- EXERCISE GOAL:
Once you reach the line containing "have AF : A \in F by apply: (subsetP sPF)." in the data below, restate each line word for word up to and including the one containing "have sP'F : P'".

-*-*-

(* Let $F$ be a uniform set-system. The following are equivalent: (1) $F$ is an HKE set-system; (2) for every two non-empty disjoint subfamilies $\Gamma_1,\Gamma_2\subseteq F$, $$\Big|\bigcap\Gamma_1-\bigcup\Gamma_2\Big|=\Big|\bigcap\Gamma_2-\bigcup\Gamma_1\Big|;$$ (3) the equality in (2) holds for every two non-empty disjoint subfamilies $\Gamma_1,\Gamma_2\subseteq F$ with $\Gamma_1\cup\Gamma_2=F$.
   Context: A set-system is a family of sets; throughout, set-systems are non-empty finite families of finite non-empty sets. A set-system $F$ is uniform if all its members have the same cardinality, denoted $\alpha(F)$. A set-system $F$ is a hereditary König–Egerváry (HKE) set-system if there is a positive integer $\alpha$ such that $|\bigcup\Gamma|+|\bigcap\Gamma|=2\alpha$ for every non-empty subfamily $\Gamma\subseteq F$. Here $X-Y$ denotes set difference. *)

From mathcomp Require Import all_boot.
Set Implicit Arguments. Unset Strict Implicit. Unset Printing Implicit Defensive.

Definition set_system (T : finType) (F : {set {set T}}) : Prop :=
  F != set0 /\ set0 \notin F.

Definition uniform (T : finType) (F : {set {set T}}) : Prop :=
  exists k, forall A, A \in F -> #|A| = k.

Definition bigU (T : finType) (G : {set {set T}}) : {set T} := \bigcup_(A in G) A.
Definition bigI (T : finType) (G : {set {set T}}) : {set T} := \bigcap_(A in G) A.

Definition HKE (T : finType) (F : {set {set T}}) : Prop :=
  exists alpha, 0 < alpha /\
    forall G : {set {set T}}, G \subset F -> G != set0 ->
      #|bigU G| + #|bigI G| = 2 * alpha.

Definition cond2 (T : finType) (F : {set {set T}}) : Prop :=
  forall G1 G2 : {set {set T}}, G1 \subset F -> G2 \subset F ->
    G1 != set0 -> G2 != set0 -> [disjoint G1 & G2] ->
    #|bigI G1 :\: bigU G2| = #|bigI G2 :\: bigU G1|.

Definition cond3 (T : finType) (F : {set {set T}}) : Prop :=
  forall G1 G2 : {set {set T}}, G1 \subset F -> G2 \subset F ->
    G1 != set0 -> G2 != set0 -> [disjoint G1 & G2] -> G1 :|: G2 = F ->
    #|bigI G1 :\: bigU G2| = #|bigI G2 :\: bigU G1|.

(** Write [excl P Q] for the number of points lying in every member of [P]
    and in no member of [Q].  Adding a set [A] to a family [G] changes
    [#|bigU G| + #|bigI G|] by exactly [excl [set A] G - excl G [set A]], so
    the HKE condition holds iff [excl] is symmetric whenever one of the two
    families is a singleton.  Conversely, splitting on membership in a further
    set [A] gives [excl P Q = excl P (A |: Q) + excl (A |: P) Q]; by
    induction this extends symmetry from singletons [P] to arbitrary [P], and
    from pairs covering [F] to arbitrary disjoint pairs. *)

From mathcomp Require Import all_boot zify.
Set Implicit Arguments.
Unset Strict Implicit.
Unset Printing Implicit Defensive.

Section Families.
Variable T : finType.
Implicit Types (A : {set T}) (F G P Q : {set {set T}}).

Lemma bigU_set1 A : bigU [set A] = A.
Proof. by rewrite /bigU big_set1. Qed.

Lemma bigI_set1 A : bigI [set A] = A.
Proof. by rewrite /bigI big_set1. Qed.

Lemma bigU_setU1 A G : bigU (A |: G) = A :|: bigU G.
Proof. by rewrite /bigU bigcup_setU big_set1. Qed.

Lemma bigI_setU1 A G : bigI (A |: G) = A :&: bigI G.
Proof. by rewrite /bigI bigcap_setU big_set1. Qed.

Definition excl P Q := #|bigI P :\: bigU Q|.

Lemma excl_setU1 A P Q : excl P Q = excl P (A |: Q) + excl (A |: P) Q.
Proof.
rewrite /excl bigU_setU1 bigI_setU1 -(cardsID A (bigI P :\: bigU Q)) addnC.
by congr (_ + _); apply: eq_card => x; rewrite !inE;
  case: (x \in A); case: (x \in bigI P); case: (x \in bigU Q).
Qed.

Lemma card_bigUI_setU1 A G :
  #|bigU (A |: G)| + #|bigI (A |: G)| + excl G [set A] =
  #|bigU G| + #|bigI G| + excl [set A] G.
Proof.
rewrite /excl bigU_setU1 bigI_setU1 bigU_set1 bigI_set1.
have -> : #|A :|: bigU G| = #|bigU G| + #|A :\: bigU G|.
  rewrite -(cardsID (bigU G) (A :|: bigU G)).
  by congr (_ + _); apply: eq_card => x; rewrite !inE;
    case: (x \in A); case: (x \in bigU G).
by rewrite -addnA (setIC A) cardsID; lia.
Qed.

Lemma disjoint_setU1r A P Q :
  [disjoint P & A |: Q] = (A \notin P) && [disjoint P & Q].
Proof.
rewrite !disjoints_subset setCU subsetI -disjoints_subset.
by rewrite disjoint_sym disjoints1.
Qed.

Variable F : {set {set T}}.

Definition excl_sym_singletons :=
  forall A Q, A \in F -> Q \subset F -> Q != set0 -> A \notin Q ->
    excl [set A] Q = excl Q [set A].

Lemma HKE_excl_sym_singletons : HKE F -> excl_sym_singletons.
Proof.
case=> alpha [_ hke] A Q AF sQF Q0 _.
have sAQF : A |: Q \subset F by rewrite subUset sub1set AF.
have AQ0 : A |: Q != set0 by apply/set0Pn; exists A; rewrite setU11.
have := card_bigUI_setU1 A Q.
by rewrite (hke _ sAQF AQ0) (hke _ sQF Q0) => /addnI ->.
Qed.

Lemma excl_sym_singletons_cond2 : excl_sym_singletons -> cond2 F.
Proof.
move=> sym1 P Q sPF sQF P0 Q0 dPQ; rewrite -/(excl P Q) -/(excl Q P).
have [n ltPn] := ubnP #|P|; elim: n => // n IH in P Q sPF sQF P0 Q0 dPQ ltPn *.
case/set0Pn: (P0) => A AP.
have AF : A \in F by apply: (subsetP sPF).
have AQ : A \notin Q by rewrite (disjointFr dPQ AP).
have [P'0 | P'0] := eqVneq (P :\ A) set0.
  have -> : P = [set A].
    by apply/eqP; rewrite eqEsubset sub1set AP andbT -setD_eq0 P'0.
  exact: sym1.
set P' := P :\ A; have defP : A |: P' = P by rewrite setD1K.
have sP'F : P' \subset F by rewrite (subset_trans (subsetDl _ _)).
have AP' : A \notin P' by rewrite !inE eqxx.
have dP'Q : [disjoint P' & Q] by rewrite (disjointWl (subsetDl _ _)).
have ltP'n : #|P'| < n by move: ltPn; rewrite (cardsD1 A P) AP.
have IH1 := IH P' Q sP'F sQF P'0 Q0 dP'Q ltP'n.
have IH2 : excl P' (A |: Q) = excl (A |: Q) P'.
  apply: IH => //; first by rewrite subUset sub1set AF.
  - by apply/set0Pn; exists A; rewrite setU11.
  - by rewrite disjoint_setU1r AP'.
have := excl_setU1 A P' Q; have := excl_setU1 A Q P'.
by rewrite defP IH1 IH2 => -> /eqP; rewrite addnC eqn_add2l => /eqP ->.
Qed.

Lemma cond2_card_bigUI k :
  cond2 F -> (forall A, A \in F -> #|A| = k) ->
  forall G, G \subset F -> G != set0 -> #|bigU G| + #|bigI G| = 2 * k.
Proof.
move=> c2 hk G sGF G0.
have [n ltGn] := ubnP #|G|; elim: n => // n IH in G sGF G0 ltGn *.
case/set0Pn: (G0) => A AG.
have AF : A \in F by apply: (subsetP sGF).
have [G'0 | G'0] := eqVneq (G :\ A) set0.
  have -> : G = [set A].
    by apply/eqP; rewrite eqEsubset sub1set AG andbT -setD_eq0 G'0.
  by rewrite bigU_set1 bigI_set1 hk // addnn mul2n.
set G' := G :\ A; have defG : A |: G' = G by rewrite setD1K.
have sG'F : G' \subset F by rewrite (subset_trans (subsetDl _ _)).
have ltG'n : #|G'| < n by move: ltGn; rewrite (cardsD1 A G) AG.
have sym : excl [set A] G' = excl G' [set A].
  apply: c2 => //; first by rewrite sub1set.
  - by apply/set0Pn; exists A; rewrite set11.
  - by rewrite disjoints1 !inE eqxx.
have := card_bigUI_setU1 A G'.
by rewrite defG sym (IH G') // => /addIn.
Qed.

Lemma cond3_cond2 : cond3 F -> cond2 F.
Proof.
move=> c3 P Q sPF sQF P0 Q0 dPQ; rewrite -/(excl P Q) -/(excl Q P).
have [n ltn] := ubnP #|F :\: (P :|: Q)|.
elim: n => // n IH in P Q sPF sQF P0 Q0 dPQ ltn *.
have sPQF : P :|: Q \subset F by rewrite subUset sPF.
have [coverF | ] := eqVneq (P :|: Q) F; first exact: c3.
rewrite eqEsubset sPQF /= => /subsetPn[A AF].
rewrite inE negb_or => /andP[AP AQ].
have sAF (X : {set {set T}}) : X \subset F -> A |: X \subset F.
  by rewrite subUset sub1set AF.
have AX0 (X : {set {set T}}) : A |: X != set0.
  by apply/set0Pn; exists A; rewrite setU11.
have ltA (X Y : {set {set T}}) :
    X :|: Y = A |: (P :|: Q) -> #|F :\: (X :|: Y)| < n.
  move=> ->; rewrite setUC -setDDl.
  move: ltn; rewrite (cardsD1 A (F :\: (P :|: Q))).
  by rewrite !inE AF (negbTE AP) (negbTE AQ).
have IH1 : excl P (A |: Q) = excl (A |: Q) P.
  apply: IH => //; first exact: sAF.
  - by rewrite disjoint_setU1r AP.
  - by apply: ltA; rewrite setUCA.
have IH2 : excl (A |: P) Q = excl Q (A |: P).
  apply: IH => //; first exact: sAF.
  - by rewrite disjoint_sym disjoint_setU1r AQ disjoint_sym.
  - by apply: ltA; rewrite setUA.
by rewrite (excl_setU1 A P Q) (excl_setU1 A Q P) IH1 IH2 addnC.
Qed.

End Families.

Theorem proposition2p2 (T : finType) (F : {set {set T}})
  (hF : set_system F) (hU : uniform F) :
  (HKE F <-> cond2 F) /\ (cond2 F <-> cond3 F).
Proof.
case: hF => F0 F_set0; case: hU => k hk.
split; split.
- by move=> hke; apply/excl_sym_singletons_cond2/HKE_excl_sym_singletons.
- move=> c2; exists k; split; last exact: cond2_card_bigUI.
  case/set0Pn: F0 => A AF; rewrite -(hk A AF) lt0n cards_eq0.
  by apply: contraNneq F_set0 => <-.
- by move=> c2 P Q *; apply: c2.
- exact: cond3_cond2.
Qed.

-*-*-

- SOLUTION FOR THIS EXERCISE:
have AF : A \in F by apply: (subsetP sPF).
have AQ : A \notin Q by rewrite (disjointFr dPQ AP).
have [P'0 | P'0] := eqVneq (P :\ A) set0.
  have -> : P = [set A].
    by apply/eqP; rewrite eqEsubset sub1set AP andbT -setD_eq0 P'0.
  exact: sym1.
set P' := P :\ A; have defP : A |: P' = P by rewrite setD1K.
have sP'F : P' \subset F by rewrite (subset_trans (subsetDl _ _)).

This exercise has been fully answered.